Problem about learning parameters

JohnYu · Post by **JohnYu** » Fri May 16, 2008 3:50 am

Hi,
I just start your jsmile and have a question about EM learning parameters.

My bn have 3 ondes "a", "b" and "c".
There are two arcs, "a" -> "c" and "b" ->"c".
"a" has 3 states, "a0", "a1", "a2".
"b" has 4 states "b0", "b1", "b2", "b3", "b4".
"c" has 2 states "c0", "c1".

The following is the training data:
c, a, b
c1, a2, b1
c0, a1, b4
c0, a0, b2
c1, a2, b4
c1, a1, b4

Now I want to know P(c=c1 | a=a1, b=b2) = ?
According to my thoughts, we can get this by:
P(c=c1, a=a1, b=b2)/P(a=a1, b=b2)
in the training data.

But either P(c=c1, a=a1, b=b2)=0 or P(a=a1, b=b)=0.
So I think the value, P(c=c1 | a=a1, b=b2), is unknown.

While I use EM for learning parameters for the bn and training data, and inference P(c=c1 | a=a1, b=b2), I got the value but different for every training time(the same training data).
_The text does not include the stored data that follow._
(* Let $\boldsymbol{M}$ be a weight sequence with $\gamma(\boldsymbol{M})>0$. Then $\mathcal{M}(C_{\{\boldsymbol{M}\}}(0,\infty))\subset\Lambda_{\{\boldsymbol{M}\}}$ if and only if $\boldsymbol{M}$ satisfies $\operatorname{(dc)}$.
   Context: Sequences are of positive reals indexed by $\mathbb{N}_0$; $m_p=M_{p+1}/M_p$. Weight sequence: $M_0=1$, $M_p^2\le M_{p-1}M_{p+1}$ ($p\ge1$), $m_p\to\infty$. $\operatorname{(dc)}$: there are $C_0>0$, $H>1$ with $M_{p+1}\le C_0H^{p+1}M_p$ for all $p$. A sequence $(c_p)$ is almost increasing if $c_p\le ac_q$ for all $q\ge p$, some $a>0$; $\gamma(\boldsymbol{M})=\sup\{\mu>0:(m_p/(p+1)^\mu)_p\text{ almost increasing}\}\in[0,\infty]$. $C_{\{\boldsymbol{M}\}}(0,\infty)$ is the space of continuous $\varphi$ on $(0,\infty)$ with $\sup_p\sup_{x>0}x^p|\varphi(x)|/(h^pM_p)<\infty$ for some $h>0$. $\Lambda_{\{\boldsymbol{M}\}}$ is the space of complex sequences $(c_p)$ with $\sup_p|c_p|/(h^pM_p)<\infty$ for some $h>0$. $\mathcal{M}(\varphi)=(\int_0^\infty x^p\varphi(x)\,dx)_{p\in\mathbb{N}_0}$. *)

From HB Require Import structures.
From mathcomp Require Import all_boot all_order all_algebra.
From mathcomp Require Import all_classical all_reals all_analysis.
From mathcomp Require complex.
Set Implicit Arguments. Unset Strict Implicit. Unset Printing Implicit Defensive.
Import Order.TTheory GRing.Theory Num.Theory.
Import numFieldNormedType.Exports.
Local Open Scope classical_set_scope.
Local Open Scope ring_scope.

Definition quot_seq (R : realType) (M : nat -> R) (p : nat) : R := M p.+1 / M p.

Definition weight_sequence (R : realType) (M : nat -> R) : Prop :=
  (forall p, 0 < M p) /\ M 0%N = 1 /\
  (forall p, (1 <= p)%N -> M p ^+ 2 <= M p.-1 * M p.+1) /\
  (quot_seq M @ \oo --> +oo).

Definition dc (R : realType) (M : nat -> R) : Prop :=
  exists C0 H : R, 0 < C0 /\ 1 < H /\
    forall p, M p.+1 <= C0 * H ^+ p.+1 * M p.
(* For $(a_{ij})\in\mathbb P^9$, the five Plücker relations hold if and only if the polynomial identity $A_zB_w=D_zD_w-DD_{zw}$ holds in $\mathbb C[z,w]$. If they hold, then the three superintegrability conditions (SIC) are equivalent to the two identities $$A_zD_w^2=2DD_wD_{zz}-\tfrac32D^2D_{zzw}-D_wD_z^2+DD_zD_{zw},\qquad B_wD_z^2=2DD_zD_{ww}-\tfrac32D^2D_{wwz}-D_zD_w^2+DD_wD_{zw},$$ and they imply $$D_z^2D_{ww}+D_w^2D_{zz}+D_zD_wD_{zw}=D\,(2D_{zz}D_{ww}+D_zD_{wwz}+D_wD_{zzw}+D_{zw}^2).$$
   Context: Homogeneous coordinates $a_{ij}$ ($i,j\ge0$, $i+j\le3$) on $\mathbb P^9$. Define polynomials in $z,w$: $D(z,w)=\sum_{0\le i,j\le2,(i,j)\ne(2,2)}a_{ij}z^iw^j$, $A_z(w)=a_{21}w^2+2a_{20}w+a_{30}$, $B_w(z)=a_{12}z^2+2a_{02}z+a_{03}$ ($A_z$ and $B_w$ are names of these polynomials; subscripts on $D$ denote partial derivatives, e.g. $D_{zzw}=\partial_z^2\partial_wD$). Plücker relations: $a_{03}a_{21}-a_{02}a_{11}+a_{01}a_{12}=0$, $a_{03}a_{20}-a_{02}a_{10}+a_{00}a_{12}=0$, $a_{03}a_{30}-a_{01}a_{10}+a_{00}a_{11}=0$, $a_{02}a_{30}-a_{01}a_{20}+a_{00}a_{21}=0$, $a_{12}a_{30}-a_{11}a_{20}+a_{10}a_{21}=0$. Superintegrability conditions (SIC): the polynomial identities $3A_zDD_{ww}-2A_zB_wD_z-2A_zD_w^2+DD_wD_{zz}=0$, $3B_wDD_{zz}-2A_zB_wD_w-2B_wD_z^2+DD_zD_{ww}=0$, and $2D^2D_{zz}D_{ww}-B_wDD_zD_{zz}-A_zDD_wD_{ww}-A_zB_wD_zD_w+A_z^2B_w^2=0$. All identities are identities of polynomials in $z,w$. *)

From HB Require Import structures.
From mathcomp Require Import all_boot all_order all_algebra.
From mathcomp Require Import mpoly.
Set Implicit Arguments. Unset Strict Implicit. Unset Printing Implicit Defensive.
Import Order.TTheory GRing.Theory Num.Theory.
Local Open Scope ring_scope.

Section Defs.
Variable C : numClosedFieldType.

Definition vz : {mpoly C[2]} := 'X_(0 : 'I_2).
Definition vw : {mpoly C[2]} := 'X_(1 : 'I_2).

Definition pz (p : {mpoly C[2]}) : {mpoly C[2]} := mderiv (0 : 'I_2) p.
Definition pw (p : {mpoly C[2]}) : {mpoly C[2]} := mderiv (1 : 'I_2) p.

(* homogeneous coordinates a_ij (only i+j <= 3 are used) *)
Definition cst (c : C) : {mpoly C[2]} := c%:MP.

Definition Dpol (a : nat -> nat -> C) : {mpoly C[2]} :=
  \sum_(i < 3) \sum_(j < 3 | (nat_of_ord i, nat_of_ord j) != (2%N, 2%N))
     cst (a i j) * vz ^+ i * vw ^+ j.

Definition Az (a : nat -> nat -> C) : {mpoly C[2]} :=
  cst (a 2%N 1%N) * vw ^+ 2 + 2%:R * cst (a 2%N 0%N) * vw + cst (a 3%N 0%N).
(* Let $d,n\ge2$ and let $w\in G(d,d,n)$ be a parabolic Coxeter element. If $w$ consists of a single simultaneous cycle of length $k$ (all other colored integers fixed), then the interval $[\varepsilon,w]$ in $(G(d,d,n),\le_T)$ is isomorphic to $\mathcal{NC}_{G(1,1,k)}$.
   Context: $G(d,d,n)$ is the group of $n\times n$ monomial matrices with $d$-th roots of unity as nonzero entries whose product is $1$, viewed as permutations of colored integers $k^{(s)}$ ($=\zeta^se_k$, $\zeta=e^{2\pi i/d}$, $k\in[n]$, $s\in\mathbb{Z}/d$). The simultaneous cycle $((k_1^{(t_1)}\;\ldots\;k_r^{(t_r)}))$ is the product over $c\in\mathbb{Z}/d$ of the cycles $(k_1^{(t_1+c)}\ldots k_r^{(t_r+c)})$; its length is $r$. $T$ is the set of reflections, $\ell_T$ the absolute length (minimal number of reflection factors), $u\le_Tv$ iff $\ell_T(v)=\ell_T(u)+\ell_T(u^{-1}v)$. A parabolic Coxeter element is an element $w$ with $w\le_T\gamma'$ for some Coxeter element $\gamma'$ (equivalently a Coxeter element of a parabolic subgroup). $\mathcal{NC}_{G(1,1,k)}$ is the noncrossing partition lattice of $G(1,1,k)\cong\mathfrak{S}_k$, i.e. the interval $[\varepsilon,(1\,2\,\ldots\,k)]$ in $\mathfrak{S}_k$ under absolute order (isomorphic to Kreweras' lattice of noncrossing partitions of $[k]$). *)

From HB Require Import structures.
From mathcomp Require Import all_boot all_order all_algebra all_fingroup all_field.
Set Implicit Arguments. Unset Strict Implicit. Unset Printing Implicit Defensive.
Import Order.TTheory GRing.Theory Num.Theory.
Local Open Scope ring_scope.

Section AbsOrder.
Variables (A : Type) (mul : A -> A -> A) (one : A) (inv : A -> A) (T : A -> Prop).

Definition factor_len (g : A) (m : nat) : Prop :=
  exists s : seq A, size s = m /\ (forall i, (i < size s)%N -> T (nth one s i)) /\ foldr mul one s = g.

Definition is_abs_len (g : A) (m : nat) : Prop :=
  factor_len g m /\ forall m', factor_len g m' -> (m <= m')%N.

Definition abs_le (u v : A) : Prop :=
  exists a b c, [/\ is_abs_len v a, is_abs_len u b, is_abs_len (mul (inv u) v) c
                 & a = (b + c)%N].
End AbsOrder.

Definition poset_iso (A B : Type) (X : A -> Prop) (leX : A -> A -> Prop)
  (Y : B -> Prop) (leY : B -> B -> Prop) : Prop :=
  exists (f : A -> B) (g : B -> A),
    [/\ forall u, X u -> Y (f u),
        forall x, Y x -> X (g x),
        forall u, X u -> g (f u) = u,
        forall x, Y x -> f (g x) = x
      & forall u v, X u -> X v -> (leX u v <-> leY (f u) (f v))].

(* zeta m = e^{2 pi i / m}  (m.-root (-1) = e^{i pi / m}, minimal argument) *)
Definition zeta (m : nat) : algC := (m.-root (-1)) ^+ 2.

Definition in_Gddn (d n : nat) (M : 'M[algC]_n) : Prop :=
  exists s : 'S_n,
    [/\ forall i j, M i j != 0 <-> i = s j,
        forall j, (M (s j) j) ^+ d = 1
      & \prod_j M (s j) j = 1].

Definition reflG (d n : nat) (M : 'M[algC]_n) : Prop :=
  in_Gddn d M /\ \rank (M - 1%:M)%R = 1%N.

Definition leG (d n : nat) : 'M[algC]_n -> 'M[algC]_n -> Prop :=
  abs_le (@mulmx algC n n n) 1%:M (@invmx algC n) (@reflG d n).

(* Coxeter elements: e^{2 pi i/h}-regular elements, h = d(n-1) the Coxeter number *)
Definition coxeterG (d n : nat) (g : 'M[algC]_n) : Prop :=
  in_Gddn d g /\
  exists v : 'cV[algC]_n,
    g *m v = zeta (d * n.-1) *: v /\ forall t, reflG d t -> t *m v != v.

Definition parabolic_coxeterG (d n : nat) (w : 'M[algC]_n) : Prop :=
  in_Gddn d w /\ exists g, coxeterG d g /\ leG d w g.

Definition intervalG (d n : nat) (w : 'M[algC]_n) (u : 'M[algC]_n) : Prop :=
  in_Gddn d u /\ leG d 1%:M u /\ leG d u w.

(* the simultaneous cycle ((ks_0^{(ts_0)} ... ks_{k-1}^{(ts_{k-1})})), other colored
   integers fixed; columns = images of basis vectors, colored integer j^{(s)} = zeta^s e_j *)
Definition sim_cycle (d n : nat) (ks : seq 'I_n) (ts : seq int) : 'M[algC]_n :=
  \matrix_(i, j)
    if j \in ks then
      let m := index j ks in
      let m' := (m.+1 %% size ks)%N in
      (if i == nth j ks m' then zeta d ^ (nth 0%Z ts m' - nth 0%Z ts m) else 0)
    else (i == j)%:R.

(* ---------- NC_{G(1,1,k)} : the interval [eps, (1 2 ... k)] in S_k ---------- *)
Definition long_cycle (k : nat) : 'S_k := perm (@ordS_inj k).

Definition transpositionS (k : nat) (t : 'S_k) : Prop :=
  exists i j : 'I_k, i != j /\ t = tperm i j.

Definition leS (k : nat) : 'S_k -> 'S_k -> Prop :=
  abs_le (fun a b => (a * b)%g) 1%g (fun a => (a^-1)%g) (@transpositionS k).

Definition NC_interval (k : nat) (u : 'S_k) : Prop :=
  leS 1%g u /\ leS u (long_cycle k).

(* Conjugation by a diagonal matrix D of d-th roots of unity, built from the
   colours ts, embeds the permutations of the positions ks into G(d,d,n), sends
   transpositions to reflections, and sends the k-cycle to the simultaneous
   cycle w.  Every g in G(d,d,n) has absolute length at least rank (g - 1), a
   bound attained on the image of S_k by factoring into transpositions, so the
   embedding preserves absolute length and absolute order.  Conversely, u <=_T w
   forces rank (u - 1) + rank (u^-1 w - 1) = rank (w - 1), hence u fixes every
   row vector fixed by w: the basis vectors outside ks and the row of D.  A
   monomial matrix with these fixed vectors is the image of a permutation of ks,
   so [1, w] is the image of the interval below the k-cycle. *)

From mathcomp Require Import all_boot all_order all_algebra all_fingroup all_field.
From mathcomp Require Import zify.
Set Implicit Arguments. Unset Strict Implicit. Unset Printing Implicit Defensive.
Import Order.TTheory GRing.Theory Num.Theory.

Section AbsLength.
Variables (A : Type) (mul : A -> A -> A) (one : A) (inv : A -> A) (T : A -> Prop).
(* A closed walk with a repeated vertex splits into two shorter closed walks;
   without one it is a cycle or runs back and forth along a single edge. *)
Lemma closed_walk_parity x p : path e x p -> last x p = x -> path_parity w x p = false.
Proof.
have [k] := ubnP (size p); elim: k x p => // k IH x p.
case/lastP: p => [//|q y]; rewrite size_rcons ltnS last_rcons => q_lt walk y_x; subst y.
have IHq y r : (size r <= size q)%N -> path e y r -> last y r = y ->
    path_parity w y r = false.
  by move=> r_le; apply: IH; lia.
have [u|/not_uniq_split [s1 [y [s2 [s3 E]]]]] := boolP (uniq (x :: q)).
  case: q q_lt walk u {IHq} => [|y [|z q]] _ walk u.
  - by move: walk; rewrite /= irr_e.
  - by rewrite /= sym_w addbF addbb.
  by rewrite -cycle_parityE // cycle_parity0 // /is_cycle /ucycleb u andbT.
case: s1 E => [|x' s1] [xE q_eq].
  rewrite -{}xE in q_eq; rewrite {}q_eq in q_lt walk IHq *; move: walk.
  rewrite rcons_cat /= -cat_rcons cat_path path_parity_cat last_rcons.
  case/andP => walk1 walk2; rewrite !IHq ?last_rcons ?size_rcons ?size_cat //=; lia.
rewrite {}q_eq in q_lt walk IHq *; move: walk.
rewrite rcons_cat /= rcons_cat /= -!cat_rcons !cat_path.
rewrite !path_parity_cat !last_rcons => /and3P [walk1 walk2 walk3].
rewrite (IHq y (rcons s2 y)) ?last_rcons //; last first.
  by rewrite !(size_cat, size_rcons) /= !size_cat /=; lia.
rewrite addFb -[X in path_parity w X (rcons s3 x)](last_rcons x s1 y) -path_parity_cat.
apply: IHq; first by rewrite !(size_cat, size_rcons) /= !size_cat /=; lia.
  by rewrite cat_path walk1 last_rcons.
by rewrite last_cat !last_rcons.
Qed.

Lemma harary_balance : symmetric e -> connected_graph e ->
  exists s : 'I_n -> bool, forall i j, e i j -> w i j = s i (+) s j.
Proof.
move=> sym_e conn; case: (pickP 'I_n) => [r _|no_vertex]; last first.
  by exists (fun=> false) => i; have := no_vertex i.
have ex_path v : exists p, path e r p && (last r p == v).
  by case/connectP: (conn r v) => p walk ->; exists p; rewrite walk eqxx.
pose pth v := xchoose (ex_path v).
exists (fun v => path_parity w r (pth v)) => u v euv.
have /andP [walk_u /eqP last_u] := xchooseP (ex_path u).
have /andP [walk_v /eqP last_v] := xchooseP (ex_path v).
have back_walk : path e v (rev (belast r (pth v))).
  by rewrite -{1}last_v rev_path; apply: sub_path walk_v => a b; rewrite sym_e.
have := @closed_walk_parity r (pth u ++ v :: rev (belast r (pth v))).
rewrite cat_path walk_u last_u /= euv back_walk last_cat /= -{1}last_v last_rev_belast.
rewrite path_parity_cat last_u /= -[X in path_parity w X (rev _)]last_v path_parity_rev //.
by move=> /(_ isT erefl); case: (w u v); case: path_parity; case: path_parity.
Qed.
My question is: if my thought is correct, I should not get the value....
Can anyone please tell me why it generates the value and different for every training time?
Or my thought is wrong?

Thanks.

JohnYu · Post by **JohnYu** » Fri May 16, 2008 4:29 am

Hi,
I found the reason why it's differet for every training time.
Because I set randomize the parameters true first.
Maybe it's is a stupid question........

JohnYu · Post by **JohnYu** » Wed May 21, 2008 4:32 am

Hi,
My question is if the training set does not contain the data on some condition, such as P(c=c1, a=a1, b=b2) or P(a=a1, b=b2), we can not get the estimated value of P(c=c1 | a=a1, b=b2) in the conditional probability table of variable "c". How to deal with this problem?

mark · Post by **mark** » Wed May 21, 2008 7:23 pm

There is not much you can do when you don't have the data. In this case keeping the distributions prior to learning or assuming a uniform distribution may be reasonable.